↓

Lemma wI_ind (P : wI n -> Prop) : (forall i b, (i < N)%N -> P (widx i b)) -> forall s, P s.
Proof. by move=> Pw [i b]; rewrite -[i]inord_val; apply: Pw. Qed.

Lemma wmul_widx i b l d : (i < N)%N -> (l < N)%N ->
  c (widx i b) (widx l d) =
  if b && d then 0 else q ^- (b * l) *: wmon (zred n (i + l)) (b || d).
Proof. by move=> ? ?; rewrite /wmul !widx1. Qed.

Lemma wmul_wmon i b l d : (i < N)%N -> (l < N)%N ->
  mul (wmon i b) (wmon l d) =
  if b && d then 0 else q ^- (b * l) *: wmon (zred n (i + l)) (b || d).
Proof. by move=> ? ?; rewrite smul_bvec wmul_widx. Qed.

Lemma wmul_ZZ i l : (i < N)%N -> (l < N)%N ->
  mul (wmon i false) (wmon l false) = wmon (zred n (i + l)) false.
Proof. by move=> ? ?; rewrite wmul_wmon //= expr0 invr1 scale1r. Qed.

Lemma wmul_ZZX i l : (i < N)%N -> (l < N)%N ->
  mul (wmon i false) (wmon l true) = wmon (zred n (i + l)) true.
Proof. by move=> ? ?; rewrite wmul_wmon //= expr0 invr1 scale1r. Qed.

Lemma wmul_ZXZ i l : (i < N)%N -> (l < N)%N ->
  mul (wmon i true) (wmon l false) = q ^- l *: wmon (zred n (i + l)) true.
Proof. by move=> ? ?; rewrite wmul_wmon //= mul1n. Qed.

Lemma wmul_ZXZX i l : (i < N)%N -> (l < N)%N -> mul (wmon i true) (wmon l true) = 0.
Proof. by move=> ? ?; rewrite wmul_wmon. Qed.

Ltac linearity :=
  by repeat move=> ?; rewrite /= ?(linearDl, linearZl, linearDr, linearZr, linearD, linearZ).

Ltac wmon_eq :=
  rewrite ?scalerA ?mulrN ?mulNr -?invfM -?exprD;
  first [ congr (Defs.wmon _ _ _ _); exp_lia
        | congr (_ *: Defs.wmon _ _ _ _); first [exp_lia | qexp_lia]
        | done ].

Ltac wmul_simp :=
  rewrite ?(linear0l, linear0r, linearZl, linearZr, linearNl, linearNr, linearDl, linearDr) /=;
  rewrite ?wmul_ZZ ?wmul_ZZX ?wmul_ZXZ ?wmul_ZXZX; try exp_lia;
  rewrite ?mul0n ?mul1n ?expr0 ?invr1 ?scale1r ?oppr0 ?scaler0 ?addr0 ?add0r ?scalerA.

Lemma wmul_assoc u v w : mul (mul u v) w = mul u (mul v w).
Proof.
move: u v; apply: eq_bilinear_bvec; try linearity.
move=> s t; move: w; apply: eq_linear_bvec; try linearity.
move=> r.
elim/wI_ind: s => i b hi; elim/wI_ind: t => l d hl; elim/wI_ind: r => m e hm.
rewrite !wmul_wmon //.
by case: b; case: d; case: e; rewrite /=; wmul_simp; wmon_eq.
Qed.

Lemma wmul1l u : mul (wone k n) u = u.
Proof.
move: u; apply: eq_linear_bvec; try linearity.
by elim/wI_ind => i b hi; rewrite wmul_wmon //= expr0 invr1 scale1r; wmon_eq.
Qed.

Lemma wmul1r u : mul u (wone k n) = u.
Proof.
move: u; apply: eq_linear_bvec; try linearity.
by elim/wI_ind => i b hi; rewrite wmul_wmon //= andbF muln0 expr0 invr1 scale1r orbF; wmon_eq.
Qed.

Lemma wH_assoc_unital : is_assoc_unital c (wone k n).
Proof. by split; [exact: wmul_assoc | exact: wmul1l | exact: wmul1r]. Qed.

Lemma spow_wZ m : (m <= n.*2)%N -> spow c (wone k n) (wZ k n) m = wmon m false.
Proof.
elim: m => [//|m IH] lt_m2n.
by rewrite /spow iterS -/(spow _ _ _ _) IH ?wmul_ZZ; try exp_lia; wmon_eq.
Qed.

Lemma spow_wZ_order : spow c (wone k n) (wZ k n) N = wZ k n.
Proof. by rewrite /spow iterS -/(spow _ _ _ _) spow_wZ ?wmul_ZZ; try exp_lia; wmon_eq. Qed.
Lemma normal_at_sublevel rho y G u : has_grad rho y G -> rho y <= 0 ->
  normal_at [set x | rho x < 0] y u -> forall w, dotv G w < 0 -> dotv u w <= 0.
Proof.
move=> dG ry yu w Gw; have W1 : 0 < enorm w + 1 by rewrite ltr_wpDl ?enorm_ge0.
pose eps := - dotv G w / (enorm w + 1).
have eps0 : 0 < eps by rewrite divr_gt0 ?oppr_gt0.
have epsW : eps * enorm w = - dotv G w - eps by rewrite /eps; field; rewrite gt_eqF.
have [d [d0 Hd]] := dG eps eps0.
have [s /andP [s0 _] sw] := exists_small_scale (enorm_ge0 w) d0.
have := Hd (s *: w); rewrite enormZ gtr0_norm // dotvZr => /(_ sw) /ler_normlP [_].
have seps : eps * (s * enorm w) = s * (- dotv G w - eps) by rewrite -epsW; ring.
rewrite seps => rho_sw.
have /yu : rho (y + s *: w) < 0 by have := mulr_gt0 s0 eps0; lra.
by rewrite (addrC y) addrK dotvZr pmulr_rle0.
Qed.

Lemma polar_halfspace G u : G != 0 ->
  (forall w, dotv G w < 0 -> dotv u w <= 0) -> exists2 c : R, 0 <= c & u = c *: G.
Proof.
move=> G0 uG; have GG : 0 < dotv G G by rewrite dotvv_gt0.
have uG0 : 0 <= dotv u G.
  by have := uG (- G); rewrite !dotvNr oppr_lt0 oppr_le0 => ->.
pose c := dotv u G / dotv G G; pose r := u - c *: G.
have Gr : dotv G r = 0.
  by rewrite dotvBr dotvZr (dotvC G u) /c mulfVK ?gt_eqF ?subrr.
have rr : dotv r r = dotv u r by rewrite {1}/r dotvBl dotvZl Gr mulr0 subr0.
have rE : u - c *: G = r by [].
clearbody r.
(* testing against [r - d G] gives [r.r <= d (u.G)] for every [d > 0] *)
have rr0 : dotv r r <= 0.
  apply/ler_addgt0Pr => e e0; rewrite add0r.
  have uG1 : 0 < dotv u G + 1 by lra.
  pose d := e / (dotv u G + 1); have d0 : 0 < d by rewrite divr_gt0.
  have de : d * (dotv u G + 1) = e by rewrite mulfVK ?gt_eqF.
  have := uG (r - d *: G).
  rewrite !dotvBr !dotvZr Gr sub0r oppr_lt0 (mulr_gt0 d0 GG) -rr => /(_ isT).
  nra.
exists c; first exact: divr_ge0 uG0 (ltW GG).
by apply/eqP; rewrite -subr_eq0 rE -dotvv_eq0 eq_le rr0 dotvv_ge0.
Qed.

Lemma C11_normal_collinear (A : set E) y u v : C11_boundary A -> bdry A y ->
  normal_at A y u -> normal_at A y v -> u != 0 -> exists2 l : R, 0 <= l & v = l *: u.
Proof.
move=> [rho [G [dG [_ [-> G0]]]]] Ay Au Av u0.
have ry := has_grad_closure_sublevel (dG y) Ay.1.
have [c c0 uE] := polar_halfspace (G0 y Ay) (normal_at_sublevel (dG y) ry Au).
have [c' c'0 vE] := polar_halfspace (G0 y Ay) (normal_at_sublevel (dG y) ry Av).
have cn0 : c != 0 by apply: contraNneq u0 => c_eq0; rewrite uE c_eq0 scale0r.
by exists (c' / c); rewrite ?divr_ge0 // uE vE scalerA mulfVK.
Qed.

End SmoothBoundary.

Section ProjectionAndRays.
Variables (R : realType) (n : nat).
Local Notation E := 'rV[R]_n.
Implicit Types (x y w q : E) (A La Om U : set E) (T : E -> E).

Lemma closure_proj_on_bdry La Om x y : La !=set0 -> ebounded La ->
  strictly_convex_set La -> closure La y -> normal_at La y (x - y) -> x != y ->
  closure Om x -> closure (proj_on La @` Om `&` bdry La) y.
Proof.
move=> La0 Labd Lasc Lay yx xy Omx B /nbhs_eball [e e0 eB].
have ycl := normal_at_closure Lasc Lay yx.
have nLax : ~ closure La x by move=> /(normal_at_self ycl) /eqP; apply/negP.
have [e' e'0 e'La] := nbhs_eball (open_nbhs_nbhs
  (conj (closed_openC (@closed_closure _ La)) nLax)).
have m0 : 0 < Num.min e e' by rewrite lt_min e0 e'0.
have [w Om_w] := closure_eball Omx m0; rewrite lt_min => /andP [we we'].
have [pcl pmin] := proj_onP w La0 Labd.
have pw := normal_at_proj Lasc pcl pmin.
exists (proj_on La w); split.
  by split; [exists w | exact: normal_at_bdry pcl pw (e'La _ we')].
by apply/eB/(le_lt_trans _ we)/(normal_at_nonexpansive Lay pcl ycl pw).
Qed.

Lemma closure_bdry_setI_sub A B C : closure (bdry (A `&` B) `&` C) `<=` closure A.
Proof.
move=> z cz; rewrite ((closure_id _).1 (@closed_closure _ A)).
by apply: (closureS _ cz) => w [[cw _] _]; apply: (closureS _ cw) => v [].
Qed.

Lemma strictly_convex_near A q x (e : R) : strictly_convex_set A ->
  closure A q -> closure A x -> q != x -> 0 < e ->
  exists2 t : R, 0 < t < 1 &
    A (t *: q + (1 - t) *: x) /\ enorm (t *: q + (1 - t) *: x - x) < e.
Proof.
move=> Asc Aq Ax qx e0; have [t t01 te] := exists_small_scale (enorm_ge0 (q - x)) e0.
exists t => //; split; first exact: Asc.
have -> : t *: q + (1 - t) *: x - x = t *: (q - x).
  by apply/rowP => i; rewrite !mxE; ring.
by case/andP: t01 => t0 _; rewrite enormZ gtr0_norm.
Qed.

Lemma ray_L_shift T x (s : R) : T x != x -> 0 <= s ->
  ray_L T x (T x + s *: (x - T x)).
Proof.
move=> Txx s0; exists (s * enorm (x - T x)); first by rewrite /= mulr_ge0 ?enorm_ge0.
by rewrite scalerA mulfK // enorm_eq0 subr_eq0 eq_sym.
Qed.

(* A point of [K_set] sees no other point of [closure Om] along its ray: a segment
   from such a point to [x] would enter the interior of [Om `&` U] on the ray. *)
Lemma K_set_ray_closure Om U T x q (l : R) : open Om -> strictly_convex_set Om ->
  K_set (Om `&` U) T x -> nbhs x U -> 0 <= l -> q - T x = l *: (x - T x) ->
  closure Om q -> q = x.
Proof.
move=> Omo Omsc [[clOU_x _] [Txx ray_x]] Ux l0 qE Om_q.
have [//|qx] := eqVneq q x; exfalso.
have [e e0 eU] := nbhs_eball (nbhs_interior Ux).
have Om_x := closureS (@subIsetl _ Om U) clOU_x.
have [t /andP [t0 t1] [Om_p pe]] := strictly_convex_near Omsc Om_q Om_x qx e0.
set p := t *: q + (1 - t) *: x in Om_p pe.
have OU_p : nbhs p (Om `&` U) by apply: filterI; [exact: open_nbhs_nbhs | exact: eU].
have ray_p : ray_L T x p.
  have -> : p = T x + (t * l + 1 - t) *: (x - T x).
    rewrite /p; have -> : q = T x + l *: (x - T x) by rewrite -qE addrC subrK.
    by apply/rowP => i; rewrite !mxE; ring.
  by apply: ray_L_shift => //; nra.
have [_] := ray_x p (conj ray_p (subset_closure (nbhs_singleton OU_p))).
by apply; apply: filterS OU_p; exact: subset_closure.
Qed.
(* For a random set of $n$ source symbols and a corresponding regular IBLT with $m$ coded symbols, the probability that the peeling decoder can recover at least one source symbol decreases exponentially in $n/m$.
   Context: A regular IBLT with parameters $m,k$ consists of $m$ coded symbols; each source symbol is mapped to $k$ of the $m$ coded symbols chosen uniformly at random (independently for different source symbols). The peeling decoder repeatedly finds a pure coded symbol (one with exactly one not-yet-recovered source symbol mapped to it), recovers that source symbol, and removes it from all coded symbols it is mapped to, stopping when no pure coded symbol remains; in particular it recovers nothing if initially no coded symbol is pure. *)

From HB Require Import structures.
From mathcomp Require Import all_boot all_order all_algebra.
From mathcomp Require Import all_classical all_reals all_analysis.
Set Implicit Arguments. Unset Strict Implicit. Unset Printing Implicit Defensive.

(* A regular IBLT with parameters m, k on n source symbols (indexed by 'I_n):
   a mapping [A : {ffun 'I_n -> {set 'I_m}}] giving, for each source symbol,
   the set of coded symbols it is mapped to. *)
Definition iblt_valid (n m k : nat) (A : {ffun 'I_n -> {set 'I_m}}) : bool :=
  [forall i, #|A i| == k].

Definition remaining (n m : nat) (A : {ffun 'I_n -> {set 'I_m}})
  (R : {set 'I_n}) (j : 'I_m) : {set 'I_n} :=
  [set i | (i \notin R) && (j \in A i)].

Definition pure (n m : nat) (A : {ffun 'I_n -> {set 'I_m}})
  (R : {set 'I_n}) (j : 'I_m) : bool :=
  #|remaining A R j| == 1.

Definition peel_step (n m : nat) (A : {ffun 'I_n -> {set 'I_m}})
  (R : {set 'I_n}) : {set 'I_n} :=
  match [pick j | pure A R j] with
  | Some j => R :|: remaining A R j
  | None => R
  end.

(* the peeling decoder: at most n recoveries are possible, so n steps suffice
   to reach the point where no pure coded symbol remains *)
Definition peel_recovered (n m : nat) (A : {ffun 'I_n -> {set 'I_m}}) : {set 'I_n} :=
  iter n (peel_step A) finset.set0.

(* Probability (uniform over all valid mappings, i.e. each source symbol's
   k coded symbols chosen uniformly at random, independently) that the
   peeling decoder recovers at least one source symbol. *)
Definition prob_recover_some (R : realType) (n m k : nat) : R :=
  (#|[set A : {ffun 'I_n -> {set 'I_m}} |
        iblt_valid k A && (peel_recovered A != finset.set0)]|%:R /
   #|[set A : {ffun 'I_n -> {set 'I_m}} | iblt_valid k A]|%:R)%R.

From HB Require Import structures.
From mathcomp Require Import all_boot all_order all_algebra.
From mathcomp Require Import all_classical all_reals all_analysis.
From mathcomp Require Import ring.
Import Order.TTheory GRing.Theory Num.Theory.

Set Implicit Arguments.
Unset Strict Implicit.
Unset Printing Implicit Defensive.

(* If peeling recovers anything, some coded symbol j is pure at the start, with
   a single source symbol i mapped to it.  For a fixed pair (j, i) this puts j
   in the k-set of i and outside the k-sets of the other n - 1 source symbols,
   an event of probability (k/m) (1 - k/m)^(n-1), because a uniform k-subset of
   m elements avoids a given one with probability C(m-1,k)/C(m,k) = 1 - k/m.
   A union bound over the m n pairs and 1 - x <= exp(-x) finish the proof. *)

Lemma card_ffun_family (aT rT : finType) (F : aT -> {set rT}) :
  #|[set f : {ffun aT -> rT} | [forall x, f x \in F x]]| = \prod_x #|F x|.
Proof.
rewrite -(big_image _ _ _ _ id) -foldrE -card_family; apply: eq_card => f.
by rewrite inE; apply/forallP/familyP.
Qed.

Lemma leq_card_bigcup (I T : finType) (F : I -> {set T}) :
  #|\bigcup_i F i| <= \sum_i #|F i|.
Proof.
elim/big_rec2: _ => [|i s U _ leUs]; first by rewrite cards0.
by rewrite (leq_trans (leq_card_setU _ _)) ?leq_add2l.
Qed.

Lemma card_ksets_notin (T : finType) (x : T) k :
  #|[set S : {set T} | (#|S| == k) && (x \notin S)]| = 'C(#|T|.-1, k).
Proof.
rewrite -(cardsC1 x) -cards_draws; apply: eq_card => S.
by rewrite !inE andbC finset.subsets_disjoint finset.setCK disjoint_sym disjoints1.
Qed.

Lemma card_ksets_in (T : finType) (x : T) k :
  #|[set S : {set T} | (#|S| == k) && (x \in S)]| = 'C(#|T|, k) - 'C(#|T|.-1, k).
Proof.
rewrite -card_draws -(card_ksets_notin x).
rewrite -(cardsID [set S : {set T} | x \in S] [set S : {set T} | #|S| == k]).
have -> : [set S : {set T} | (#|S| == k) && (x \notin S)] =
          [set S : {set T} | #|S| == k] :\: [set S : {set T} | x \in S].
  by apply/setP => S; rewrite !inE andbC.
by rewrite addnK; apply: eq_card => S; rewrite !inE.
Qed.

Lemma mul_bin_sub_down m k : m * ('C(m, k) - 'C(m.-1, k)) = k * 'C(m, k).
Proof.
rewrite mulnBr mul_bin_down -mulnBl.
have [km | mk] := leqP k m; first by rewrite subKn.
by rewrite bin_small ?muln0.
Qed.

Section PeelingStart.

Variables n m k : nat.
Local Notation mapping := {ffun 'I_n -> {set 'I_m}}.
Implicit Types (A : mapping) (i : 'I_n) (j : 'I_m).

Lemma peel_recovered_eq0 A :
  (forall j, ~~ pure A finset.set0 j) -> peel_recovered A = finset.set0.
Proof.
move=> not_pure; apply: iter_fix.
by rewrite /peel_step; case: pickP => // j; rewrite (negbTE (not_pure j)).
Qed.

Definition pure_at j i : {set mapping} :=
  [set A | iblt_valid k A && (remaining A finset.set0 j == [set i])].

Lemma recover_some_sub_pure_at :
  [set A : mapping | iblt_valid k A && (peel_recovered A != finset.set0)] \subset
  \bigcup_(p : 'I_m * 'I_n) pure_at p.1 p.2.
Proof.
apply/fintype.subsetP => A; rewrite inE => /andP[validA recA].
have [j pure_j] : exists j, pure A finset.set0 j.
  apply/existsP; apply: contraNT recA; rewrite negb_exists => /forallP not_pure.
  by rewrite peel_recovered_eq0.
have /cards1P[i rem_i] := pure_j.
by apply/bigcupP; exists (j, i) => //; rewrite inE validA rem_i eqxx.
Qed.

Lemma pure_atE j i :
  pure_at j i = [set A : mapping | [forall i', A i' \in
    [set S : {set 'I_m} | (#|S| == k) && ((j \in S) == (i' == i))]]].
Proof.
apply/setP => A; rewrite !inE.
apply/andP/forallP => [[/forallP cardA /eqP/setP remA] i' | famA].
  by have := remA i'; rewrite !inE cardA /= => ->.
split; first by apply/forallP => i'; have /[!inE] /andP[] := famA i'.
by apply/eqP/setP => i'; have /[!inE] /andP[_ /eqP] := famA i'.
Qed.

Lemma card_pure_at j i :
  #|pure_at j i| = ('C(m, k) - 'C(m.-1, k)) * 'C(m.-1, k) ^ n.-1.
Proof.
rewrite pure_atE card_ffun_family (bigD1 i) //= eqxx; congr (_ * _).
  have := card_ksets_in j k; rewrite card_ord => <-.
  by apply: eq_card => S; rewrite !inE eqb_id.
rewrite (eq_bigr (fun _ => 'C(m.-1, k))) => [|i' /negbTE ->].
  by rewrite prod_nat_const cardC1 card_ord.
have := card_ksets_notin j k; rewrite card_ord => <-.
by apply: eq_card => S; rewrite !inE eqbF_neg.
Qed.

Lemma card_iblt_valid :
  #|[set A : mapping | iblt_valid k A]| = 'C(m, k) ^ n.
Proof.
have -> : [set A : mapping | iblt_valid k A] =
          [set A : mapping | [forall i, A i \in [set S : {set 'I_m} | #|S| == k]]].
  by apply/setP => A; rewrite !inE; apply: eq_forallb => i; rewrite inE.
by rewrite card_ffun_family prod_nat_const card_draws !card_ord.
Qed.

Lemma card_recover_some_le :
  #|[set A : mapping | iblt_valid k A && (peel_recovered A != finset.set0)]| <=
  n * k * 'C(m, k) * 'C(m.-1, k) ^ n.-1.
Proof.
apply: leq_trans (subset_leq_card recover_some_sub_pure_at) _.
apply: leq_trans (leq_card_bigcup _) _.
under eq_bigr do rewrite card_pure_at.
rewrite sum_nat_const card_prod !card_ord (mulnC m) -!mulnA.
by rewrite [m * (_ * _)]mulnA mul_bin_sub_down !mulnA.
Qed.

End PeelingStart.

Local Open Scope ring_scope.

Lemma bin_pred_ratio (R : numFieldType) m k : (k <= m)%N ->
  'C(m.-1, k)%:R / 'C(m, k)%:R = 1 - k%:R / m%:R :> R.
Proof.
have [-> | m_gt0] := posnP m.
  by rewrite leqn0 => /eqP ->; rewrite !bin0 divr1 mul0r subr0.
move=> km; have /(congr1 (fun x => x%:R : R)) := mul_bin_down m k.
rewrite !natrM natrB // => mulC.
have Cne0 : 'C(m, k)%:R != 0 :> R by rewrite pnatr_eq0 -lt0n bin_gt0.
have mne0 : m%:R != 0 :> R by rewrite pnatr_eq0 -lt0n.
by apply: (mulfI mne0); rewrite mulrA mulC; field; rewrite mne0 Cne0.
Qed.

Lemma bin_pred_ratio_le_expR (R : realType) m k : (k <= m)%N ->
  'C(m.-1, k)%:R / 'C(m, k)%:R <= expR (- (k%:R / m%:R)) :> R.
Proof. by move=> km; rewrite bin_pred_ratio //; apply: expR_ge1Dx. Qed.

Lemma prob_recover_some_le (R : realType) n m k : (k <= m)%N ->
  prob_recover_some R n m k <=
    (n * k)%:R * ('C(m.-1, k)%:R / 'C(m, k)%:R) ^+ n.-1.
Proof.
move=> km; rewrite /prob_recover_some card_iblt_valid.
have := card_recover_some_le n m k.
set b := 'C(m.-1, k); set c := 'C(m, k).
have c_gt0 : (0 < c)%N by rewrite bin_gt0.
case: n => [|n] /= card_le.
  by move: card_le; rewrite mul0n leqn0 => /eqP ->; rewrite mul0r.
rewrite ler_pdivrMr ?ltr0n ?expn_gt0 ?c_gt0 //.
have -> : (n.+1 * k)%:R * (b%:R / c%:R) ^+ n * (c ^ n.+1)%:R =
          (n.+1 * k * c * b ^ n)%:R :> R.
  rewrite expr_div_n !natrM !natrX exprS -mulrA [_ / _ * _]mulrCA divfK ?mulrA //.
  by rewrite expf_neq0 // pnatr_eq0 -lt0n.
by rewrite ler_nat.
Qed.

Theorem theoremA1 (R : realType) (n m k : nat) (hk : (0 < k)%N) (hkm : (k <= m)%N) :
  prob_recover_some R n m k <=
    (n * k)%:R * expR (- ((k * (n - 1))%:R / m%:R)).
Proof.
apply: (le_trans (prob_recover_some_le R n hkm)).
rewrite ler_wpM2l // subn1 natrM mulrAC -mulNr [X in expR X]mulrC expRM_natl.
by apply: lerXn2r; rewrite ?nnegrE ?expR_ge0 ?divr_ge0 ?bin_pred_ratio_le_expR.
Qed.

↑

Brief
Every line above that contains the word "dotvZr" should be reported.

Task solution
have := Hd (s *: w); rewrite enormZ gtr0_norm // dotvZr => /(_ sw) /ler_normlP [_].
by rewrite (addrC y) addrK dotvZr pmulr_rle0.
  by rewrite dotvBr dotvZr (dotvC G u) /c mulfVK ?gt_eqF ?subrr.
  rewrite !dotvBr !dotvZr Gr sub0r oppr_lt0 (mulr_gt0 d0 GG) -rr => /(_ isT).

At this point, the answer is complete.